Этот амбициозный приятель и ровесник знаменитого революционного генерала Моро, обладал импозантной внешностью: высокий, стройный, с длинными локонами иссиня-черных волос, крупным орлиным носом, сверкающими глазами и очень красивыми… ногами. Недаром еще на заре его военной карьеры сослуживцы ехидно прозвали его «Сержант-красивая ножка»!

Вот уже два века о нем принято писать или саркастически, либо уважительно, поскольку его главный оппонент-«узник» о-ва Св. Елены генерал Бонапарт признавал, что «… я могу обвинять его лишь в неблагодарности, но не в измене». И это при том, что в ту пору бывший французский император уже предпочитал со всеми своими недругами (и тем более, «коллегами по ремеслу»! ) сводить счеты, выставляя их в самом неприглядном виде!

Так, кто же он на самом деле — Жан-Поль-Батист Бернадотт, единственный из всех своих французских «собратьев по оружию» той поры, ухитрившийся ухватить «жар-птицу» за хвост и стать королем Швеции и Норвегии Карлом XIV Юханом?

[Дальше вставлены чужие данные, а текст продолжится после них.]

(* Let $G=(V,E)$ be an instance of the cycle highway problem with a single valuation (all valuations equal to $1$). Let $\mathbf p$ be the price vector output by the algorithm Cyc_Single_Val described in the context. Then \[ \mathrm{Opt}_{\rm coup}(G)\le 2.747\cdot\mathrm{Profit}_{\rm coup}(\mathbf p). \]
   Context: A (reduced) instance of the cycle highway problem is given by items $V=[1,n]=\{1,\dots,n\}$ arranged on a cycle $1\to2\to\dots\to n\to1$ and a finite multiset $E=\{e_1,\dots,e_m\}$ of customers, each a contiguous arc of the cycle ($[j_s,j_t]$ or $[j_t,n]\cup[1,j_s]$ with $1\le j_s\le j_t\le n$), each with valuation $w_j$; ''single valuation'' means all $w_j$ are equal, normalized to $w_j=1$. The line highway problem is the special case where items form a line and each customer is an interval of it. For a price vector $\mathbf p\in\mathbb R^n$ (negative prices allowed), $p(e_j)=\sum_{i\in e_j}p_i$, $\mathrm{Profit}_{\rm coup}(\mathbf p)=\sum_{j:\,w_j\ge p(e_j)}\max\{p(e_j),0\}$, $\mathrm{Opt}_{\rm coup}(G)=\max_{\mathbf p}\mathrm{Profit}_{\rm coup}(\mathbf p)$. For a line instance on items $1,\dots,k$, its DAG representation has vertices $u_0,\dots,u_k$ and an arc $u_{a-1}\to u_c$ for each customer $[a,c]$; partial sums $s_0,\dots,s_k$ give prices $p_i=s_i-s_{i-1}$. Subroutine BBCH (Balcan et al.): on a line instance with all valuations $1$, compute a directed cut $(A,B)$ of the DAG representation using the Feige–Goemans max-directed-cut approximation algorithm, with $u_0$ placed in $A$ (moving $u_0$, which has no incoming arcs, to $A$ never loses cut arcs); set partial sums $0$ on $A$ and $1$ on $B$; output the induced prices. It is known (Balcan et al.) that its coupon profit is at least $\mathrm{Opt}_{\rm coup}/a$ with $a\approx 2.33$. Algorithm Cyc_Single_Val: (1) choose an item $h\in V$ arbitrarily; (2) let $E_{\rm in}$ be the customers containing $h$ and $V_{\rm in}$ the union of their items; (3) let $E_{\rm out}$ be the customers not containing $h$ and $V_{\rm out}$ the union of their items; (4) let $\boldsymbol\sigma$ give price $1$ to $h$ and $0$ to every other item; (5) regard $G_{\rm out}=(V_{\rm out},E_{\rm out})$ as a line highway instance with single valuation (items of $V_{\rm out}$ ordered along the cycle starting just after $h$); (6) run BBCH on $G_{\rm out}$ to get prices $\boldsymbol\tau_{\rm out}$ on $V_{\rm out}$; (7) for each $x\in\{-1,0,1,2\}$ let $\boldsymbol\tau^x_{\rm in}$ give price $x$ to $h$ and $0$ to all items of $V_{\rm in}\setminus(V_{\rm out}\cup\{h\})$, choose $\boldsymbol\tau_{\rm in}$ among these maximizing coupon profit, and let $\boldsymbol\tau=(\boldsymbol\tau_{\rm out},\boldsymbol\tau_{\rm in})$ (items in neither set priced $0$); (8) output $\mathbf p\in\{\boldsymbol\sigma,\boldsymbol\tau\}$ with larger $\mathrm{Profit}_{\rm coup}$. *)

From mathcomp Require Import all_boot all_order all_algebra.
From mathcomp Require Import reals.
Set Implicit Arguments. Unset Strict Implicit. Unset Printing Implicit Defensive.
Import Order.TTheory GRing.Theory Num.Theory.
Local Open Scope ring_scope.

Так случилось, что один из самых знаменитых полководцев Франции появился на свет, когда его родина, «не солоно хлебавши», выходила из самого грандиозного военного «мероприятия» XVIII века — Семилетней войны (1757—1763). Несмотря на то, что первые упоминания о Бернадоттах относятся к XVI в. и семейство Бернадоттов было зажиточным и почтенным, но о дворянстве говорить не приходится. Хотя его мать, и была урожденной де Сен-Жан, но всего лишь дочерью фермера, впрочем, достаточно состоятельного и влиятельного в своем округе.

Между прочим, современные историки полагают, что все предки Жана-Поля-Батиста по отцовской линии принадлежали к простому слою ремесленников, а приставка «де» у его матери, как впрочем, и у всех женщин, вступавших в брак с Бернадоттами (это всего лишь название дома, из которого они происходили), вряд ли говорила о ее дворянском происхождении, скорее, нося чисто декоративный характер. По сути дела, отец будущего маршала Франции был первым в роду, кто сумел если не «выбиться в люди», то, по крайней мере, стать уважаемым человеком в своем провинциальном городке…

Родившийся в г. По (Беарн, провинция Наварра, что на границе Франции и Испании) Жан-Поль-Батист — последний (пятый) ребенок в семье почтенного стряпчего или делопроизводителя (порой, в разноплановой литературе идет речь об адвокате) Анри Бернадотта (1711—1780), не имевшего дворянского звания и Жанны де Сен-Жан (Венсан) (1728—1809). К моменту его появления на свет двое из четырех появившихся ранее в этой семье детей уже умерли. Ребенок родился настолько хилым, что по настоянию родителей младенца крестили уже на следующее утро. Таким образом, супруги надеялись уберечь малыша от ранней смерти, что было не таким уж и редким явлением в то время, в том числе, и в их весьма обеспеченной семье.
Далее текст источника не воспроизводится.